RNA-seq入門RNA-seq実験では何を測定しているのか?実験設計における重要な考慮事項RNA-seqデータの定量化:リードからカウント行列への変換プロセス参照配列を見つけるには本ワークショップではどのような方向性を目指していくのでしょうか?
- RNA-seqは、特定の時点における細胞または組織内で発現しているRNA分子の量を測定する技術です。
- RNA-seq実験を計画する際には、多くの重要な選択事項があります。例えば、ポリA選択法を採用するかリボソーム除去法を適用するか、ストランド特異的プロトコルを使用するか非ストランド特異的プロトコルを採用するか、リードをシングルエンドで配列決定するかペアエンドで配列決定するかなどです。これらの選択はいずれも、データ処理および解釈に重大な影響を及ぼします。
- RNA-seqデータの定量化には複数の手法が存在します。代表的な方法としては、リードをゲノム配列にアラインメントし、遺伝子領域にオーバーラップするリード数をカウントする手法があります。また、別の手法ではリードをトランスクリプトームにマッピングし、確率的アプローチを用いて各遺伝子または転写産物の存在量を推定します。
- アノテーション済み遺伝子に関する情報は、Ensembl、UCSC、GENCODEなどの複数の情報源から取得可能です。
RStudioプロジェクトと実験データ
- プロジェクトに必要なファイルを作業ディレクトリに適切に整理することは、秩序を維持し、将来のアクセスを容易にするために重要です。
- RStudioプロジェクトは、プロジェクトの作業ディレクトリを管理し、分析を促進するための貴重なツールとして機能します。
- Rにおける
download.file関数は、インターネットからデータセットをダウンロードするために使用できます。
Rに量的データをインポートしてアノテーションを付ける
- 使用される遺伝子発現定量ツールによって、出力を
SummarizedExperimentまたはDGEListオブジェクトに読み込む方法が異なります(多くはBioconductorパッケージで配布されています)。 - EnsemblやEntrez IDなどの安定した遺伝子識別子は、RNA-seq分析全体で主要な識別子として使用されるべきで、解釈を容易にするために遺伝子シンボルを追加する必要があります。
探索的解析と品質管理
- 探索的分析は、データセットの品質管理と潜在的な問題の検出において不可欠なプロセスです。

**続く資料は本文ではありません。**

(* For every $\sigma\in\mathrm{Aut}(M_7)$, the action of $\sigma$ commutes with the action of $\Lambda_{\{2\},\{3\}}$, i.e. $\Lambda_{\{2\},\{3\}}\circ\sigma=\sigma\circ\Lambda_{\{2\},\{3\}}$ (in particular $\lambda_{\{2\},\{3\}}\circ\sigma=\sigma\circ\lambda_{\{2\},\{3\}}$ as rational self-maps of $\mathcal{R}_7$).
   Context: Over $\mathbb{C}$. For a line arrangement $\mathcal{C}$, $\Lambda_{\{2\},\{3\}}(\mathcal{C})$ is the union of lines containing exactly three double points of $\mathcal{C}$. For a labeled arrangement $\mathcal{C}_0=(\ell_1,\dots,\ell_7)$ let $H_j=\sum_{k\neq j}\ell_k$; the labeled image is $\Lambda_{\{2\},\{3\}}(\mathcal{C}_0)=(\Lambda_{\{2\},\{3\}}(H_1),\dots,\Lambda_{\{2\},\{3\}}(H_7))$. $M_7$ is the rank-3 matroid on $\{1,\dots,7,1',\dots,7'\}$ whose non-bases are the triples $\{a,b,c'\}$ with $a\neq b\in\{1,\dots,7\}$, $a+b\equiv2c\pmod7$; its realizations are labeled 14-line arrangements in which three lines are concurrent iff their labels form a non-basis, and for a realization $\mathcal{C}_0\cup\mathcal{C}_1$ one has $\mathcal{C}_1=\Lambda_{\{2\},\{3\}}(\mathcal{C}_0)$ (labeled). $\mathcal{R}_7$ is the moduli space of realizations up to $\mathrm{PGL}_3$; for generic realizations $\mathcal{C}_1\cup\Lambda_{\{2\},\{3\}}(\mathcal{C}_1)$ is again a realization, and $\lambda_{\{2\},\{3\}}:[\mathcal{C}_0\cup\mathcal{C}_1]\mapsto[\mathcal{C}_1\cup\Lambda_{\{2\},\{3\}}(\mathcal{C}_1)]$. $\mathrm{Aut}(M_7)$ is the group of permutations of the ground set preserving bases; each $\sigma$ preserves $\{1,\dots,7\}$ and acts on labeled arrangements (and on $\mathcal{R}_7$) by permuting labels. *)

From mathcomp Require Import all_boot all_fingroup all_algebra.
From mathcomp Require Import reals complex.
Set Implicit Arguments. Unset Strict Implicit. Unset Printing Implicit Defensive.
Import GRing.Theory Num.Theory.
Local Open Scope ring_scope.

(* ---------- The matroid M_7 ----------
   Ground set {1..7} u {1'..7'} is encoded as 'I_7 + 'I_7:
   label a (1<=a<=7) is  inl (a-1),  label c' is  inr (c-1).
   The condition a+b = 2c (mod 7) is invariant under this shift by 1. *)
Definition M7ground := ('I_7 + 'I_7)%type.

Definition M7nonbasis (B : {set M7ground}) : bool :=
  [exists a : 'I_7, exists b : 'I_7, exists c : 'I_7,
     [&& a != b, ((a + b) %% 7 == (2 * c) %% 7)%N
       & B == [set inl a; inl b; inr c]]].

Definition M7basis (B : {set M7ground}) : bool :=
  (#|B| == 3)%N && ~~ M7nonbasis B.

Definition isAutM7 (s : {perm M7ground}) : Prop :=
  forall B : {set M7ground}, M7basis (s @: B) = M7basis B.

(* ---------- Projective plane geometry over a field K ----------
   Points and lines of P^2(K) are represented by nonzero row vectors of K^3
   (homogeneous coordinates); a point p lies on a line l iff p . l = 0. *)
Section Geometry.
Variable K : fieldType.

Definition proj_eq (u v : 'rV[K]_3) : Prop :=
  exists c : K, c != 0 /\ u = c *: v.

Definition incident (p l : 'rV[K]_3) : bool :=
  \sum_(i < 3) p 0 i * l 0 i == 0.

Definition arrangement7 (C : 'I_7 -> 'rV[K]_3) : Prop :=
  (forall i, C i != 0) /\ (forall i j, i != j -> ~ proj_eq (C i) (C j)).

(* H_j = sum_{k <> j} l_k ; number of lines of H_j through p *)
Definition multH (C : 'I_7 -> 'rV[K]_3) (j : 'I_7) (p : 'rV[K]_3) : nat :=
  #|[set k : 'I_7 | (k != j) && incident p (C k)]|.

Definition double_pointH (C : 'I_7 -> 'rV[K]_3) (j : 'I_7) (p : 'rV[K]_3)
  : Prop := p != 0 /\ multH C j p = 2%N.

(* m is a line containing exactly three double points of H_j,
   i.e. m is one of the lines making up Lambda_{{2},{3}}(H_j). *)
Definition LambdaH (C : 'I_7 -> 'rV[K]_3) (j : 'I_7) (m : 'rV[K]_3) : Prop :=
  m != 0 /\
  exists p1 p2 p3 : 'rV[K]_3,
    [/\ double_pointH C j p1 /\ incident p1 m,
        double_pointH C j p2 /\ incident p2 m,
        double_pointH C j p3 /\ incident p3 m,
        [/\ ~ proj_eq p1 p2, ~ proj_eq p1 p3 & ~ proj_eq p2 p3]
      & forall p, double_pointH C j p -> incident p m ->
          [\/ proj_eq p p1, proj_eq p p2 | proj_eq p p3]].

End Geometry.

From mathcomp Require Import all_boot all_fingroup all_algebra zify.
From mathcomp Require Import reals complex.
From Stdlib Require Import FunctionalExtensionality.
Set Implicit Arguments. Unset Strict Implicit. Unset Printing Implicit Defensive.

(* Call two elements of the ground set dependent if they lie in a common
   non-basis.  An automorphism preserves non-bases, hence dependence and the
   number of elements dependent on a given one.  An unprimed label c is
   dependent on every element except c and c' (12 of them), a primed one only
   on unprimed labels (at most 7), so automorphisms preserve both halves of the
   ground set; since c' is the only primed label not dependent on c, sigma acts
   on both halves through one permutation f of {1..7}.  Relabelling by f, the
   curve H_(f j) of the new arrangement is made of the same lines as H_j of the
   old one, so it has the same double points and the same lines through three
   of them. *)

Definition midpoint7 (a b c : 'I_7) : bool := ((a + b) %% 7 == (2 * c) %% 7)%N.

Lemma midpoint7_cancel (a b : 'I_7) : midpoint7 a b a -> b = a.
Proof.
by move=> /eqP ab; apply/val_inj; move: (ltn_ord a) (ltn_ord b) ab => /=; lia.
Qed.

(* 4 is the inverse of 2 modulo 7. *)
Lemma midpoint7_exists (a b : 'I_7) : exists c : 'I_7, midpoint7 a b c.
Proof.
by exists (Ordinal (ltn_pmod (4 * (a + b)) (isT : 0 < 7))); apply/eqP => /=; lia.
Qed.

(* The witness is b = 2c - a. *)
Lemma midpoint7_reflect (a c : 'I_7) :
  a != c -> exists2 b : 'I_7, b != a & midpoint7 a b c.
Proof.
move=> ac; have ac' : (a : nat) <> c by move=> /val_inj /eqP; apply/negP.
exists (Ordinal (ltn_pmod (2 * c + 6 * a) (isT : 0 < 7))); apply/eqP => /=.
  by move=> /(congr1 val) /=; move: (ltn_ord a) (ltn_ord c); lia.
lia.
Qed.

Lemma M7nonbasisP (B : {set M7ground}) :
  reflect (exists a b c, [/\ a != b, midpoint7 a b c & B = [set inl a; inl b; inr c]])
          (M7nonbasis B).
Proof.
apply: (iffP existsP) => [[a /existsP [b /existsP [c /and3P [ab abc /eqP ->]]]]|].
  by exists a, b, c.
by move=> [a [b [c [ab abc ->]]]]; exists a; apply/existsP; exists b;
  apply/existsP; exists c; apply/and3P.
Qed.

Lemma card_M7nonbasis (B : {set M7ground}) : M7nonbasis B -> #|B| = 3.
Proof.
case/M7nonbasisP=> a [b [c [ab _ ->]]].
by rewrite setUC cardsU1 cards2 !inE /= (inj_eq inl_inj) ab.
Qed.

Lemma M7nonbasis_inlr (B : {set M7ground}) (c : 'I_7) :
  M7nonbasis B -> inl c \in B -> inr c \notin B.
Proof.
case/M7nonbasisP=> a [b [e [ab abe ->]]].
rewrite !inE /= !(inj_eq inl_inj) (inj_eq inr_inj) orbF.
case/orP=> /eqP ->; apply: contraNneq ab => ce; move: abe; rewrite -ce.
  by move/midpoint7_cancel ->.
by rewrite /midpoint7 addnC => /midpoint7_cancel ->.
Qed.

Lemma M7nonbasis_inr (B : {set M7ground}) (c d : 'I_7) :
  M7nonbasis B -> inr c \in B -> inr d \in B -> c = d.
Proof.
by case/M7nonbasisP=> a [b [e [_ _ ->]]]; rewrite !inE /= => /eqP [->] /eqP [].
Qed.

Definition M7dep (x y : M7ground) : bool := [exists z, M7nonbasis [set x; y; z]].

Definition M7deg (x : M7ground) : nat := #|[set y | M7dep x y]|.

Lemma M7dep_inl (c : 'I_7) (y : M7ground) :
  M7dep (inl c) y = (y != inl c) && (y != inr c).
Proof.
apply/existsP/andP => [[z nb]|[]].
  split; apply: contraTneq nb => ->.
    by apply/negP => /card_M7nonbasis; rewrite setUid cards2; case: (_ != _).
  by apply/negP => /(M7nonbasis_inlr (c := c)); rewrite !inE !eqxx !orbT => /(_ isT).
case: y => e; rewrite ?(inj_eq inl_inj) ?(inj_eq inr_inj) /=.
- move=> ec _; have [h ceh] := midpoint7_exists c e.
  by exists (inr h); apply/M7nonbasisP; exists c, e, h; rewrite eq_sym.
- rewrite eq_sym => _ ce; have [b bc cbe] := midpoint7_reflect ce.
  exists (inl b); apply/M7nonbasisP; exists c, b, e; split; rewrite 1?eq_sym //.
  by apply/setP => x; rewrite !inE -!orbA [(x == inr e) || _]orbC.
Qed.

Lemma M7dep_inr (c d : 'I_7) : M7dep (inr c) (inr d) = false.
Proof.
apply/existsP => -[z nb].
have cd : c = d by apply: (M7nonbasis_inr nb); rewrite !inE eqxx ?orbT.
move/card_M7nonbasis: nb; rewrite cd setUid cards2.
by case: (_ != _).
Qed.

Lemma M7deg_inl (c : 'I_7) : M7deg (inl c) = 12.
Proof.
rewrite /M7deg; have -> : [set y | M7dep (inl c) y] = ~: [set inl c; inr c].
  by apply/setP => y; rewrite !inE M7dep_inl negb_or.
have := cardsC [set inl c; inr c :> M7ground].
by rewrite card_sum card_ord cards2 /=; lia.
Qed.

Lemma M7deg_inr (c : 'I_7) : M7deg (inr c) <= 7.
Proof.
have dep_inl : [set y | M7dep (inr c) y] \subset [set inl d | d : 'I_7].
  by apply/subsetP => -[d|d]; rewrite inE ?M7dep_inr // => _; apply: imset_f.
rewrite /M7deg (leq_trans (subset_leq_card dep_inl)) //.
by rewrite card_imset ?card_ord //; exact: inl_inj.
Qed.

Lemma isAutM7_nonbasis (s : {perm M7ground}) :
  isAutM7 s -> forall B : {set M7ground}, M7nonbasis (s @: B) = M7nonbasis B.
Proof.
move=> s_aut B; have := s_aut B; rewrite /M7basis (card_imset _ perm_inj).
have [B3 /negb_inj //|B3 _] := eqVneq #|B| 3.
by apply/idP/idP => /card_M7nonbasis; rewrite ?(card_imset _ perm_inj) => /eqP;
  rewrite (negbTE B3).
Qed.

Section NonbasisPreservingPerm.

Variable s : {perm M7ground}.
Hypothesis s_nonbasis : forall B : {set M7ground}, M7nonbasis (s @: B) = M7nonbasis B.

Lemma nonbasis_permV (B : {set M7ground}) :
  M7nonbasis ((s^-1)%g @: B) = M7nonbasis B.
Proof. by rewrite -s_nonbasis -imset_comp (eq_imset _ (permKV s)) imset_id. Qed.

Lemma imset_perm_set3 (x y z : M7ground) : s @: [set x; y; z] = [set s x; s y; s z].
Proof. by rewrite !imsetU !imset_set1. Qed.

Lemma M7dep_perm (x y : M7ground) : M7dep (s x) (s y) = M7dep x y.
Proof.
apply/existsP/existsP => [[z nb]|[z nb]].
  by exists ((s^-1)%g z); rewrite -s_nonbasis imset_perm_set3 permKV.
by exists (s z); rewrite -imset_perm_set3 s_nonbasis.
Qed.


Lemma M7deg_perm (x : M7ground) : M7deg (s x) = M7deg x.
Proof.
rewrite /M7deg -(card_preimset _ (@perm_inj _ s)).
by apply: eq_card => y; rewrite !inE M7dep_perm.
Qed.

Lemma perm_inl (a : 'I_7) : exists b, s (inl a) = inl b.
Proof.
case sa: (s (inl a)) => [b|c]; first by exists b.
by have := M7deg_inr c; rewrite -sa M7deg_perm M7deg_inl.
Qed.

End NonbasisPreservingPerm.

Lemma isAutM7_sum_map (s : {perm M7ground}) :
  isAutM7 s -> exists f : 'I_7 -> 'I_7,
    forall k, s (inl k) = inl (f k) /\ s (inr k) = inr (f k).
Proof.
move=> /isAutM7_nonbasis s_nb.
pose f k := if s (inl k) is inl b then b else k.
have sf k : s (inl k) = inl (f k) by rewrite /f; have [b ->] := perm_inl s_nb k.
exists f => k; split=> //.
case sk: (s (inr k)) => [b|d].
  have [b' sb'] := perm_inl (nonbasis_permV s_nb) b.
  by move: sb'; rewrite -sk permK.
have := M7dep_perm s_nb (inl k) (inr k).
by rewrite sf sk !M7dep_inl eqxx andbF /= => /eqP [->].
Qed.

Section LambdaRelabel.

Variable K : fieldType.

Lemma multH_relabel (f : 'I_7 -> 'I_7) (C D : 'I_7 -> 'rV[K]_3) :
  injective f -> (forall k, D (f k) = C k) -> forall a, multH D (f a) =1 multH C a.
Proof.
move=> f_inj DC a p; rewrite /multH -!sum1_card (reindex_inj f_inj) /=.
by apply: eq_bigl => k; rewrite !inE (inj_eq f_inj) DC.
Qed.

Lemma LambdaH_multH (C C' : 'I_7 -> 'rV[K]_3) (j j' : 'I_7) :
  multH C j =1 multH C' j' -> forall m, LambdaH C j m <-> LambdaH C' j' m.
Proof.
by move=> /functional_extensionality CC' m; rewrite /LambdaH /double_pointH CC'.
Qed.

End LambdaRelabel.

Local Open Scope ring_scope.

Theorem proposition3p6 (R : realType) (s : {perm M7ground}) :
  isAutM7 s ->
  (forall (C0 D : 'I_7 -> 'rV[R[i]]_3),
     arrangement7 C0 ->
     (forall a b : 'I_7, s (inl a) = inl b -> D b = C0 a) ->
     forall a b : 'I_7, s (inr a) = inr b ->
       forall m : 'rV[R[i]]_3, LambdaH D b m <-> LambdaH C0 a m)
  /\
  (forall (C1 D1 : 'I_7 -> 'rV[R[i]]_3),
     arrangement7 C1 ->
     (forall a b : 'I_7, s (inr a) = inr b -> D1 b = C1 a) ->
     forall a b : 'I_7, s (inl a) = inl b ->
       forall m : 'rV[R[i]]_3, LambdaH D1 b m <-> LambdaH C1 a m).
Proof.
move=> /isAutM7_sum_map [f sf].
have f_inj : injective f.
  by move=> x y fxy; have := (sf x).1; rewrite fxy -(sf y).1 => /perm_inj [].
split=> [C0 D _ DC a b | C1 D1 _ DC a b].
- rewrite (sf a).2 => -[<-]; apply/LambdaH_multH/multH_relabel => // k.
  exact: DC (sf k).1.
- rewrite (sf a).1 => -[<-]; apply/LambdaH_multH/multH_relabel => // k.
  exact: DC (sf k).2.
Qed.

- 探索的分析手法には様々な種類があり、それぞれ異なる前処理済みデータを必要とします。最も一般的に用いられる手法では、カウント値の正規化と対数変換(あるいは同等のより感度の高い/高度な処理)が行われ、データの均方分散性に近い状態が求められます。一方、他の手法では生のカウント値をそのまま処理対象とします。
Differential expression 解析
- DESeq2では、差異的発現解析の主要な手順(サイズ因子推定、分散推定、検定統計量の算出)が単一の関数DESeq()に統合されています。
- 発現量の低い遺伝子を独立してフィルタリングすることは、多くの場合有効な手法です。
design matricesの詳細な解析
- R言語のformulaフレームワークを使用すると、設計行列を作成できます。この設計行列は、遺伝子発現レベルにおける系統的な差異に関連すると予想される変数の詳細を記述するものです。
- 比較対象として関心のある条件は、モデル係数の線形結合であるコントラストを用いて定義することができます。
遺伝子セットエンリッチメント解析
- ORA解析は遺伝子カウントデータに基づいており、Fisherの正確確率検定または超幾何分布を用いて統計的有意性を評価します。
- R環境では、多様なソースから容易に遺伝子セットを取得することが可能です。
Next steps
- RNA-seq data is very versatile and can be used for a number of different purposes. It is important, however, to carefully plan one’s analyses, to make sure that enough data is available and that abundances for appropriate features (e.g., genes, transcripts, or exons) are quantified.